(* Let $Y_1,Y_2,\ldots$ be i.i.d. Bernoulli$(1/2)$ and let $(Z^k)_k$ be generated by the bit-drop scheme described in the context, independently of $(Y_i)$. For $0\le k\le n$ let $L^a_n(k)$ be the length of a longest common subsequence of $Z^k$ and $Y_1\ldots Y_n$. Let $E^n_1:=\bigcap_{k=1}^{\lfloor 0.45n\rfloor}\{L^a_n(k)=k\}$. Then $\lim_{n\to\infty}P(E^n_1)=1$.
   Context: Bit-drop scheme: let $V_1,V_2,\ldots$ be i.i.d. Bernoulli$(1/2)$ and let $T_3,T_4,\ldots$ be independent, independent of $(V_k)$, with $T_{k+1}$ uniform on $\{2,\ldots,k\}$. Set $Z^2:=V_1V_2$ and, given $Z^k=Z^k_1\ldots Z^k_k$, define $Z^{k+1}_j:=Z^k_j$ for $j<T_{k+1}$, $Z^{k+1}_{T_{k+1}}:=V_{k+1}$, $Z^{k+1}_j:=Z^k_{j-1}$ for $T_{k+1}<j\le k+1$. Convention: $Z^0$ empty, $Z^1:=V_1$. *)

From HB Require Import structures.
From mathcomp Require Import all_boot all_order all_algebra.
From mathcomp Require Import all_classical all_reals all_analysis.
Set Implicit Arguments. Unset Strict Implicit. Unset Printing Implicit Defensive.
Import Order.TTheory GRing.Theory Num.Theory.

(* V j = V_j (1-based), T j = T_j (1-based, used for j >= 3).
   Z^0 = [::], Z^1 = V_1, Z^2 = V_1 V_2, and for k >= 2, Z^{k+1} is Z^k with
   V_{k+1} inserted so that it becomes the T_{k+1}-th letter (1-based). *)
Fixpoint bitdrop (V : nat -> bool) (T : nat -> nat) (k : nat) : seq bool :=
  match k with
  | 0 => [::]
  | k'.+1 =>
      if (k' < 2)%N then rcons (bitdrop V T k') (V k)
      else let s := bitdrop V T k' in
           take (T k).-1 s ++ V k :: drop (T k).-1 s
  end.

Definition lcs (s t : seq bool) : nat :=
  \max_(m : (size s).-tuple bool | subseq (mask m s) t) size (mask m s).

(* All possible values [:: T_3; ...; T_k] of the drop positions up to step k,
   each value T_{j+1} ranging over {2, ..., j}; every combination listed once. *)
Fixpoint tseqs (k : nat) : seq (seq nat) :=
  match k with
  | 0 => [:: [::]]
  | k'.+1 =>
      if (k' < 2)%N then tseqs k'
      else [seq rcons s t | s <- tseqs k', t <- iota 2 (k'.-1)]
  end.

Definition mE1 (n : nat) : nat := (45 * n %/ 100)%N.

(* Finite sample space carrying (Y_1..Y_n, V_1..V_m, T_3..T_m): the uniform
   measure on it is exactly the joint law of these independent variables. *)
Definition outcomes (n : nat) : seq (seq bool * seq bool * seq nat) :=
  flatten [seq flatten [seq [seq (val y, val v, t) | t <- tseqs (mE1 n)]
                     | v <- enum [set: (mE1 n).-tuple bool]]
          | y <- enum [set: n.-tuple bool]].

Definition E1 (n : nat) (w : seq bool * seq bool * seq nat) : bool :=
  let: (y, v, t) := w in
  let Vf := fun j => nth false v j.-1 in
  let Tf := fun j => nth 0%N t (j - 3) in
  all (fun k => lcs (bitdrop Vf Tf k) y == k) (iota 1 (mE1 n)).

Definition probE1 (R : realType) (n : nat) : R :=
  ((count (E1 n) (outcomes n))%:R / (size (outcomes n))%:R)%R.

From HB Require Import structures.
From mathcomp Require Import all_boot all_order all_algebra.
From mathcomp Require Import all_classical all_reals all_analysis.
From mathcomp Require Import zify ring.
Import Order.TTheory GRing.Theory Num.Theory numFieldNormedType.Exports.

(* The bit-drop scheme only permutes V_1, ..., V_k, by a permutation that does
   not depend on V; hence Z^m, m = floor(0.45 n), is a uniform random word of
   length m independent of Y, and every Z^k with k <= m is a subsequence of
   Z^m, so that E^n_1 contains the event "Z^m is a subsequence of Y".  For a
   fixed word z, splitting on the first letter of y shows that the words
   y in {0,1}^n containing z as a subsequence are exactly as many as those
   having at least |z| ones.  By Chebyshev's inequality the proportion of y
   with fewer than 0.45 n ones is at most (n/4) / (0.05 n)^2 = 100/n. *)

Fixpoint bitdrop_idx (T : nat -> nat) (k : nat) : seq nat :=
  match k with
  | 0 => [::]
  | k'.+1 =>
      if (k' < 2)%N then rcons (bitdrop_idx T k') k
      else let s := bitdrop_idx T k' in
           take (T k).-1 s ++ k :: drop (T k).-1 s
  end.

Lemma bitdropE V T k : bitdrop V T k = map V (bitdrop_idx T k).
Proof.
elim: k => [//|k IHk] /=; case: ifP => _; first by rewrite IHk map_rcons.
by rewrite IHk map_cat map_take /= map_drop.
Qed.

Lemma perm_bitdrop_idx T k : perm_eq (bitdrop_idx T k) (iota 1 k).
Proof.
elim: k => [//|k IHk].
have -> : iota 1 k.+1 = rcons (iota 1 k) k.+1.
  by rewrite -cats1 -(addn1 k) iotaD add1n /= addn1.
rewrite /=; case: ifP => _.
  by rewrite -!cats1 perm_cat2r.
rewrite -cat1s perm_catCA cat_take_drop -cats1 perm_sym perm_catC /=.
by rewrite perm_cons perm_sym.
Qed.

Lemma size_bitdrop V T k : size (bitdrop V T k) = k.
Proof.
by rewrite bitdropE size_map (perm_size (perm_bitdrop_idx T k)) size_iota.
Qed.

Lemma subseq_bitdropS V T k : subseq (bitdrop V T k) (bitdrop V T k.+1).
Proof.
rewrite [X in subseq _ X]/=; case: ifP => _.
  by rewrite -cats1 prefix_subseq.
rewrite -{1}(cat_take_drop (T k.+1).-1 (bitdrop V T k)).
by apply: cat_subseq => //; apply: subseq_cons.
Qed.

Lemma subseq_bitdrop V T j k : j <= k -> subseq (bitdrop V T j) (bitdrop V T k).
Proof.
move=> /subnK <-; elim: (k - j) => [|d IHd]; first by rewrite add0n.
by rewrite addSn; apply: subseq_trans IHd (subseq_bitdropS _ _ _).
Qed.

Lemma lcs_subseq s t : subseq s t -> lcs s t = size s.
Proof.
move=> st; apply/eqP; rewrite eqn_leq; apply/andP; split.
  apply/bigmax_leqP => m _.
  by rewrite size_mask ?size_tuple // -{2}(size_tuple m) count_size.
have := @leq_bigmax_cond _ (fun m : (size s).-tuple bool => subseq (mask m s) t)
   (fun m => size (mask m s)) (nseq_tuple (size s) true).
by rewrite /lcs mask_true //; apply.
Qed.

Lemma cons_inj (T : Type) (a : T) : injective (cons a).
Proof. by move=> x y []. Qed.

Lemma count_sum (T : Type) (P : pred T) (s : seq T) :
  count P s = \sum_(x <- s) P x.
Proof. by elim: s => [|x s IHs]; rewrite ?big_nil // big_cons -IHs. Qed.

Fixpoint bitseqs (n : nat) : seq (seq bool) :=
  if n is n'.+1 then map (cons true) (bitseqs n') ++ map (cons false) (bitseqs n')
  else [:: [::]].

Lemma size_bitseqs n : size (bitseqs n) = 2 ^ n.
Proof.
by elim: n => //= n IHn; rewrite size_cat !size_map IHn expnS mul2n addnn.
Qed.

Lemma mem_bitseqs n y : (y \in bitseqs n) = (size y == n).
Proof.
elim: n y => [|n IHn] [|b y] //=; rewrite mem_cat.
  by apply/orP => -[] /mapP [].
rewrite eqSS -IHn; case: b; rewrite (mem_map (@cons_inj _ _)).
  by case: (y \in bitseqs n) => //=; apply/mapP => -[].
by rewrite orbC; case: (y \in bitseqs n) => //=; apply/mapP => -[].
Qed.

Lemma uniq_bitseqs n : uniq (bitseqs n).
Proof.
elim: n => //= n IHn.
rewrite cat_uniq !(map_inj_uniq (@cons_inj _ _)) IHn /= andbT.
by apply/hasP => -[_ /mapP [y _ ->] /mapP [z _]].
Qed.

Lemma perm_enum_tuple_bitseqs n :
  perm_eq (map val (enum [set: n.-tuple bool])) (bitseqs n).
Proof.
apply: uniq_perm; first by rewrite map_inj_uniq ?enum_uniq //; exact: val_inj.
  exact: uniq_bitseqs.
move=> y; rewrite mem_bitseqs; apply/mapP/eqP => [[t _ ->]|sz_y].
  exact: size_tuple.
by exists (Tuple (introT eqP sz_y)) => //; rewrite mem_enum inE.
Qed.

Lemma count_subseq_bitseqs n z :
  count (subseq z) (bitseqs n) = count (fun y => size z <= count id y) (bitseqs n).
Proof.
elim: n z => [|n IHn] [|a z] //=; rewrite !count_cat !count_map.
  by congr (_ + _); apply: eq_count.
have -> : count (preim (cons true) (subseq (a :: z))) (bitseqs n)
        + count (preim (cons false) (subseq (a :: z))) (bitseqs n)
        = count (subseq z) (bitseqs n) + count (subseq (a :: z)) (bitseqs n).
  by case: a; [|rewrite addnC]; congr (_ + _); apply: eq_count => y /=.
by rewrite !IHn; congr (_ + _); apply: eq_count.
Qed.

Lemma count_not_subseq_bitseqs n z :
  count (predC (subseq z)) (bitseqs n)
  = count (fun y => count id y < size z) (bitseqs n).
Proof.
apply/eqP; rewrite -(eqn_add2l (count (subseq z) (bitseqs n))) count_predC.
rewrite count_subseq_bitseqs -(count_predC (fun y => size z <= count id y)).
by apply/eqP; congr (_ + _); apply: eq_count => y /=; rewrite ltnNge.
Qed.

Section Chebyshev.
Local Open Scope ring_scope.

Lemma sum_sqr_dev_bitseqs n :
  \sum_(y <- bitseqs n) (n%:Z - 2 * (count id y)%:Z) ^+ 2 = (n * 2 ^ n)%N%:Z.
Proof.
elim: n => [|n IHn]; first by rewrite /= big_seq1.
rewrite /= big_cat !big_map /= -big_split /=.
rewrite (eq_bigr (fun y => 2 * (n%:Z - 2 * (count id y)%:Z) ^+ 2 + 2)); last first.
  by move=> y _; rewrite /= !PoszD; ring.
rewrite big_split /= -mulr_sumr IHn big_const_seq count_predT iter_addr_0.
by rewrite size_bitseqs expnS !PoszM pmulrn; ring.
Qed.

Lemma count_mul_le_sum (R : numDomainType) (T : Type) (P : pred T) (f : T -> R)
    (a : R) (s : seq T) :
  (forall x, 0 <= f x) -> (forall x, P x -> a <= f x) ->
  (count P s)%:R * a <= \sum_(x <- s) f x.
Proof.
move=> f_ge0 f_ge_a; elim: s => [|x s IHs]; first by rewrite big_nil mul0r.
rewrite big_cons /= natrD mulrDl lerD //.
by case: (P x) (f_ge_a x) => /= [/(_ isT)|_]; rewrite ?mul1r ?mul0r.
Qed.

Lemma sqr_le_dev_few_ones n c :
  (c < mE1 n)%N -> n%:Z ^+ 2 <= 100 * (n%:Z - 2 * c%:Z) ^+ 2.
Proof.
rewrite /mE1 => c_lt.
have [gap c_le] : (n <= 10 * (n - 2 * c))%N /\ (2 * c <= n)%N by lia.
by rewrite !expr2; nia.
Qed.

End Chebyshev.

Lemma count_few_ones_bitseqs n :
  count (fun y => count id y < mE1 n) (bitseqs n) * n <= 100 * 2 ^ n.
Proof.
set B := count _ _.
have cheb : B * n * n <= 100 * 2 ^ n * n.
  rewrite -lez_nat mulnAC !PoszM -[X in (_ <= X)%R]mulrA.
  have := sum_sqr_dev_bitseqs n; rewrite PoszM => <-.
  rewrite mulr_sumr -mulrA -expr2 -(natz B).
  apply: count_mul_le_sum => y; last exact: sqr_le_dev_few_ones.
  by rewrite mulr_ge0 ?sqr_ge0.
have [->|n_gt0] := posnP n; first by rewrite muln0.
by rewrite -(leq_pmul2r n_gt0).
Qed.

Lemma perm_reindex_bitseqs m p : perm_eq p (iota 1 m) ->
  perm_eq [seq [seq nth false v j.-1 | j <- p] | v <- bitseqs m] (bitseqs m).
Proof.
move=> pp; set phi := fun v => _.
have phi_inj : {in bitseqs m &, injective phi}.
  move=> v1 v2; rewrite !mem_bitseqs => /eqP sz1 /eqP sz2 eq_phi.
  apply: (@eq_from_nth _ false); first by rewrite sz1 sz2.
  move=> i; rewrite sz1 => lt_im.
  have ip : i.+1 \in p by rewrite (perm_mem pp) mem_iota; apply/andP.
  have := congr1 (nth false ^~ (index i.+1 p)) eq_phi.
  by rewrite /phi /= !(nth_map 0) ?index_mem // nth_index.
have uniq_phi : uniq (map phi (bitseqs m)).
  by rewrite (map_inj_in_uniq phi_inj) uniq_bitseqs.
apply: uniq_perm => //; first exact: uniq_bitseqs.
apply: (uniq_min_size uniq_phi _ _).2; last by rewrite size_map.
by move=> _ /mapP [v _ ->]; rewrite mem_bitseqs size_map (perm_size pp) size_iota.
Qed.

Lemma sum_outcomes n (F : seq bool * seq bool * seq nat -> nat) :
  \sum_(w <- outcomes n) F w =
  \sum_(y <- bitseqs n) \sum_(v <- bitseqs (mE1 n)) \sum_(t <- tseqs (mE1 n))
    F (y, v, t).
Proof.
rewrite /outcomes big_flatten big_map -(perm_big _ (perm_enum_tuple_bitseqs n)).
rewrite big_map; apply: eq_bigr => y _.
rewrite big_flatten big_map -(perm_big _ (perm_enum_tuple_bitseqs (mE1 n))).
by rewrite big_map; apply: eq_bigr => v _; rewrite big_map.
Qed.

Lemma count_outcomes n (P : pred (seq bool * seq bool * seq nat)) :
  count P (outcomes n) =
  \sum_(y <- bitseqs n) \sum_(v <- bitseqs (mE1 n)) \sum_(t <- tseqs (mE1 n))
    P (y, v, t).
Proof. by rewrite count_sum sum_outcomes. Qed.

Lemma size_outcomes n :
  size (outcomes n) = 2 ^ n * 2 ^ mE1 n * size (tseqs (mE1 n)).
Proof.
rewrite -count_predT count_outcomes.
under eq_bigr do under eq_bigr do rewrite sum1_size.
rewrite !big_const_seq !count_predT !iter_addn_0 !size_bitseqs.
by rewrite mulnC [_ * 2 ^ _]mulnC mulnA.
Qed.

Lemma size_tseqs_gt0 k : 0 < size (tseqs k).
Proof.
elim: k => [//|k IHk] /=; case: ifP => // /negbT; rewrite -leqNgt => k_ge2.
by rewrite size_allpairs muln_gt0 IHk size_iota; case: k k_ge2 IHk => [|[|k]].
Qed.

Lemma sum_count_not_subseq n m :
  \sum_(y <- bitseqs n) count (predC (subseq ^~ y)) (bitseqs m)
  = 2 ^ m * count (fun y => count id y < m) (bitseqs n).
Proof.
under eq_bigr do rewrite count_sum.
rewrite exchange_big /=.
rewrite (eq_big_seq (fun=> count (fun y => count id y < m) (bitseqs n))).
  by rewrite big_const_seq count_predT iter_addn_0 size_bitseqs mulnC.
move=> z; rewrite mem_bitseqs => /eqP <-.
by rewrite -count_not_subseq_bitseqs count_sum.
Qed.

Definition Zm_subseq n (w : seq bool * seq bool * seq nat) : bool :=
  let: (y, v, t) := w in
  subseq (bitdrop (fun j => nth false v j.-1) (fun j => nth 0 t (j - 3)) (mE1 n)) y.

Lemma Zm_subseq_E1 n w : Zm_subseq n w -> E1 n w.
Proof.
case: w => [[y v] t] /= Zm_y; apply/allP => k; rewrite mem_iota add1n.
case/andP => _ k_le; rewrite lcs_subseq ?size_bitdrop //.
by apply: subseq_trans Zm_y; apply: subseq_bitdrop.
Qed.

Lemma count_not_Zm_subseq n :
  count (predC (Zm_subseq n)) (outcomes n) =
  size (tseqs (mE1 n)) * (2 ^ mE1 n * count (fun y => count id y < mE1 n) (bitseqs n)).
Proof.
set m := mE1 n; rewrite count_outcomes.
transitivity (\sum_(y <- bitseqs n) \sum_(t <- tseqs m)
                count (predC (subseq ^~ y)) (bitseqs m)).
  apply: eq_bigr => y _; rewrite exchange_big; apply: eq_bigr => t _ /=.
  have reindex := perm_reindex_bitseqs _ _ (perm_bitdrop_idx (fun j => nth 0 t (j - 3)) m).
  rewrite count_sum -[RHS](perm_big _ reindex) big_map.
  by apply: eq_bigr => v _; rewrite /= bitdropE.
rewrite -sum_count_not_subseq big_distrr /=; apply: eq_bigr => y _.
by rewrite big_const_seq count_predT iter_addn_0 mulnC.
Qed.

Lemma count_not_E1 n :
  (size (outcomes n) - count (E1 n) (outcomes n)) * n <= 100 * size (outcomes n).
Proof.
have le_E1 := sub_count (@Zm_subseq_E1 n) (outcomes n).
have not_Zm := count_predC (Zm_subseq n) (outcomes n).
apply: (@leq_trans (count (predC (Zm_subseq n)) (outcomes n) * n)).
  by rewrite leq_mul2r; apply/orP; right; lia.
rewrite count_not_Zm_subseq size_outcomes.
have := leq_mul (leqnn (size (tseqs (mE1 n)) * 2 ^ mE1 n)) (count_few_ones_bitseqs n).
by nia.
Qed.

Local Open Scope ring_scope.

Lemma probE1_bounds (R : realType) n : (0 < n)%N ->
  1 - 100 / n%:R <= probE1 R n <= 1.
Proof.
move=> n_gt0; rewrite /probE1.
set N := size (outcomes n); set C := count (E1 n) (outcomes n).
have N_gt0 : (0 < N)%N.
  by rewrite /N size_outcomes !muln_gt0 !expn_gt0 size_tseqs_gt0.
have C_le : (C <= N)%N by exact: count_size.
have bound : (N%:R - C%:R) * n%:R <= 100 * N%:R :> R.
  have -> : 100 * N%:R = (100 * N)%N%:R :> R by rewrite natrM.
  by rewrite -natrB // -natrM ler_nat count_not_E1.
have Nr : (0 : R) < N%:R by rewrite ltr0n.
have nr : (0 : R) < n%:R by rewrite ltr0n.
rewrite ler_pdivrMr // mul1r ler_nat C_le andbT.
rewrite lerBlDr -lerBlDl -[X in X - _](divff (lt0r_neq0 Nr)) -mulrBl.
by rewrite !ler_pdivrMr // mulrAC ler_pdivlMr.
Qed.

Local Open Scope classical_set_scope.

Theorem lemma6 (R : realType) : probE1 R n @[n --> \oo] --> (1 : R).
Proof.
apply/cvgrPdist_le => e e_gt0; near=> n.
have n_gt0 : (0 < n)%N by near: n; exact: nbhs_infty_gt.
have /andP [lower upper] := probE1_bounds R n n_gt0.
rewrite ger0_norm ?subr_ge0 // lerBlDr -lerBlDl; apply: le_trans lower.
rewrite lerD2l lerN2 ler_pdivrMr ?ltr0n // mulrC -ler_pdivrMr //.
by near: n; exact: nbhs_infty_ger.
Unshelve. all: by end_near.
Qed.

+===+

ABOUT THIS EXERCISE
Looking at the listing above, which lines hold "based"? Copy every such line.

SOLUTION FOR THIS EXERCISE
(* V j = V_j (1-based), T j = T_j (1-based, used for j >= 3).
   V_{k+1} inserted so that it becomes the T_{k+1}-th letter (1-based). *)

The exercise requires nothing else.